It Never Rains, But It Pours

I don’t know whether to laugh or cry. That was a hugely challenging five days…

I was sat here only a week ago, congratulating myself on a job well done in smashing November out the park, knowing full well that anything can happen in this game: and if anything can happen, it most surely will.

It did.

Things started to go wrong on Monday when I realised that the bike was juddering under heavy braking, especially going downhill. Thought not a lot of it and didn’t look for the cause until I got home. It took all of five seconds to suss out the problem: the rim of the back wheel was split, close to the line of the tyre. The split measured about three inches. Now the last time something like this happened, it was on the touring bike back in the spring, and it blew the back wheel apart when the thing went bang as I went round a corner.

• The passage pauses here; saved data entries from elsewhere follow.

Definition properly_proximal (X : metricType R) (a : G -> X -> X) : Prop :=
  exists (l : nat) (K : 'I_l -> pmetricType R) (aK : forall i, G -> K i -> K i)
    (eta : forall i, probability (borel (K i)) R),
    (forall i, compact_G_space (aK i)) /\
    (forall i, ~ carries_invariant_probability (aK i)) /\
    (forall i, diffuse (eta i)) /\
    (forall g : nat -> G, escapes a g ->
       exists (i : 'I_l) (s : nat -> nat), strictly_increasing s /\
         forall h : G,
           wstar_diff_to0 (fun n => gpush (aK i (gmul Gl (g (s n)) h)) (eta i))
                          (fun n => gpush (aK i (g (s n))) (eta i))).

Definition borel_cantor_subset (K : pmetricType R) (B : set K) : Prop :=
  @measurable _ (borel K) B /\
  exists (f : cantor_space -> K) (f' : K -> cantor_space),
    continuous f /\ f @` setT = B /\
    (forall z, f' (f z) = z) /\ {within B, continuous f'}.
End defs.

(* The Cantor set inside K* carries a diffuse probability eta: push the
   uniform distribution on [0, 1] through the injective Borel map sending a
   real x to the set of rationals above it.  Given an escaping sequence,
   pass to the subsequence along which g_n xi -> xi+ for xi in K* \ {xi-}.
   Since eta is diffuse and concentrated on the G-invariant set K*, for
   eta-almost every xi both g_n xi and g_n h xi tend to xi+, so by dominated
   convergence both g_n eta and g_n h eta converge weakly to the Dirac mass at
   xi+, and their difference tends to 0. *)
From HB Require Import structures.
From mathcomp Require Import all_boot all_order all_algebra.
From mathcomp Require Import all_classical all_reals all_analysis.
From mathcomp Require Import measurable_realfun.
Import Order.TTheory GRing.Theory Num.Theory.
Import numFieldNormedType.Exports.
Local Open Scope classical_set_scope.
Local Open Scope ring_scope.
Set Implicit Arguments.
Unset Strict Implicit.
Unset Printing Implicit Defensive.

Definition cylinder (s : seq bool) : set cantor_space :=
  [set w | forall i, (i < size s)%N -> w i = nth false s i].

Lemma cylinder_mkseq (z : cantor_space) n : cylinder (mkseq z n) z.
Proof. by move=> i; rewrite size_mkseq => ilt; rewrite nth_mkseq. Qed.

Lemma open_cantor_cylinder (V : set cantor_space) (z : cantor_space) :
  open V -> V z -> exists n, cylinder (mkseq z n) `<=` V.
Proof.
(* Otherwise points outside V agreeing with z on ever longer prefixes would
   converge to z. *)
move=> oV Vz; apply: contrapT => /forallNP noncyl.
have /choice[w wP] n : exists w, cylinder (mkseq z n) w /\ ~ V w.
  by have /nonsubset[w [? ?]] := noncyl n; exists w.
have wz : w @ \oo --> (z : cantor_space).
  apply/(@pointwise_cvgP nat bool _ z _) => i; apply: cvg_near_cst.
  exists i.+1 => // n /= ltin.
  by have := (wP n).1 i; rewrite size_mkseq nth_mkseq //; apply.
have [n _ /(_ n (leqnn n))] : \forall n \near \oo, V (w n).
  by apply: wz; apply: open_nbhs_nbhs.
exact: (wP n).2.
Qed.

Lemma measurable_fun_cantor d (T : measurableType d) (f : T -> borel cantor_space) :
  (forall n, measurable [set x | f x n]) -> measurable_fun setT f.
Proof.
move=> mf.
apply: (@measurability _ _ T (borel cantor_space) setT f (@open cantor_space)) => //.
move=> _ [V oV <-].
have -> : setT `&` f @^-1` V =
    \bigcup_(s in [set s | cylinder s `<=` V]) f @^-1` cylinder s.
  apply/seteqP; split => [x [_ Vfx] | x [s sV /sV //]].
  have [n nV] := open_cantor_cylinder oV Vfx.
  by exists (mkseq (f x) n) => //; exact: cylinder_mkseq.
rewrite bigcup_mkcond; apply: countable_bigcupT_measurable => [|s].
  exact: countableP.
case: ifP => _; last exact: measurable0.
apply: fin_bigcap_measurable (finite_II _) _ => i _.
case: (nth false s i); first exact: mf.
rewrite (_ : (fun x => _) = ~` [set x | f x i]); first exact/measurableC/mf.
by apply/seteqP; split => x /=; case: (f x i).
Qed.

Section rational_cut.
Variable R : realType.

Definition rat_enum (n : nat) : R := ratr (odflt 0 (unpickle n)).

Definition rat_cut (x : R) : cantor_space := fun n => x < rat_enum n.

Lemma rat_cut_inj : injective rat_cut.
Proof.
have rat_cut_neq x y : x < y -> rat_cut x <> rat_cut y.
  move=> /rat_in_itvoo[q]; rewrite in_itv /= => /andP[xq qy].
  move=> /(congr1 (fun w : cantor_space => w (pickle q))).
  by rewrite /rat_cut /rat_enum pickleK /= xq ltNge (ltW qy).
move=> x y exy; case: (ltgtP x y) => // /rat_cut_neq neq.
- by case: (neq exy).
- by case: (neq (esym exy)).
Qed.

Lemma measurable_rat_cut : measurable_fun setT (rat_cut : R -> borel cantor_space).
Proof. by apply: measurable_fun_cantor => n; rewrite -set_itvNyo; exact: measurable_itv. Qed.

End rational_cut.

Lemma continuous_borel_measurable (T U : ptopologicalType) (f : T -> U) :
  continuous f -> measurable_fun setT (f : borel T -> borel U).
Proof.
move=> cf; apply: (@measurability _ _ (borel T) (borel U) setT f (@open U)) => //.
move=> _ [A oA <-]; apply: sub_sigma_algebra; rewrite setTI.
exact: (continuousP f).1 cf A oA.
Qed.

Lemma continuous_borel_measurable_real (R : realType) (T : ptopologicalType)
  (f : T -> R) : continuous f -> measurable_fun setT (f : borel T -> R).
Proof.
move=> cf; apply: (measurability _ (RGenOpens.measurableE R)).
move=> _ [_ [a [b ->]] <-]; apply: sub_sigma_algebra; rewrite setTI.
exact: (continuousP f).1 cf _ (interval_open _ _).
Qed.

Lemma borel_measurable_set1 (R : realType) (K : pmetricType R) (y : K) :
  measurable ([set y] : set (borel K)).
Proof.
rewrite -[X in measurable X]setCK; apply: measurableC; apply: sub_sigma_algebra.
exact/closed_openC/accessible_closed_set1/hausdorff_accessible/metric_hausdorff.
Qed.

Lemma ae_neq (R : realType) (K : pmetricType R)
    (mu : {measure set (borel K) -> \bar R}) (y : K) :
  mu [set y] = 0%E -> \forall x \ae mu, x <> y.
Proof.
move=> mu_y; exists [set y]; split => //; first exact: borel_measurable_set1.
by move=> x /= /contrapT.
Qed.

Lightning was not about to strike twice: I parked the road bike, texted my mate Neil up at Fast Rider Cycles, told him to expect an emergency admission at A&E and set about configuring the tourer with all the necessary gear for a 5am start on Tuesday morning. The problem with the tourer, for all that it’s comfortable, is that it weighs a ton. I wasn’t ready for that. Tuesday was a real shock to the system and it cost me a good few miles, simply because I couldn’t make any speed. The morning was utterly grim, with heavy rain falling on a stiff south easterly breeze at 2C. By the time we got off the Muir and down into Newton Mearns, I couldn’t feel my fingers. But worse was to come, much worse…

The home run on Tuesday night was one of the worst in memory. I do not tell a lie when I say that the average speed was lower than the temperature, and this is December we’re talking about. I’ve clearly been spoiled by the fast machine these last eight months and I just couldn’t get going on the beast. Uphill, into a ferocious wind and carrying around 12lb more than normal: torture, two and a half hours of it. But yer know what…. I did it. This game isn’t about being a fancy Dan and breaking speed records on calm days. It’s about getting yer head down, finding a gear that you can still turn into the teeth of a winter gale and getting the job done. And the LCFN track record thus far is one of getting the job done: for now…

Wednesday was a nice day with hee haw to report in either direction. I love days like that.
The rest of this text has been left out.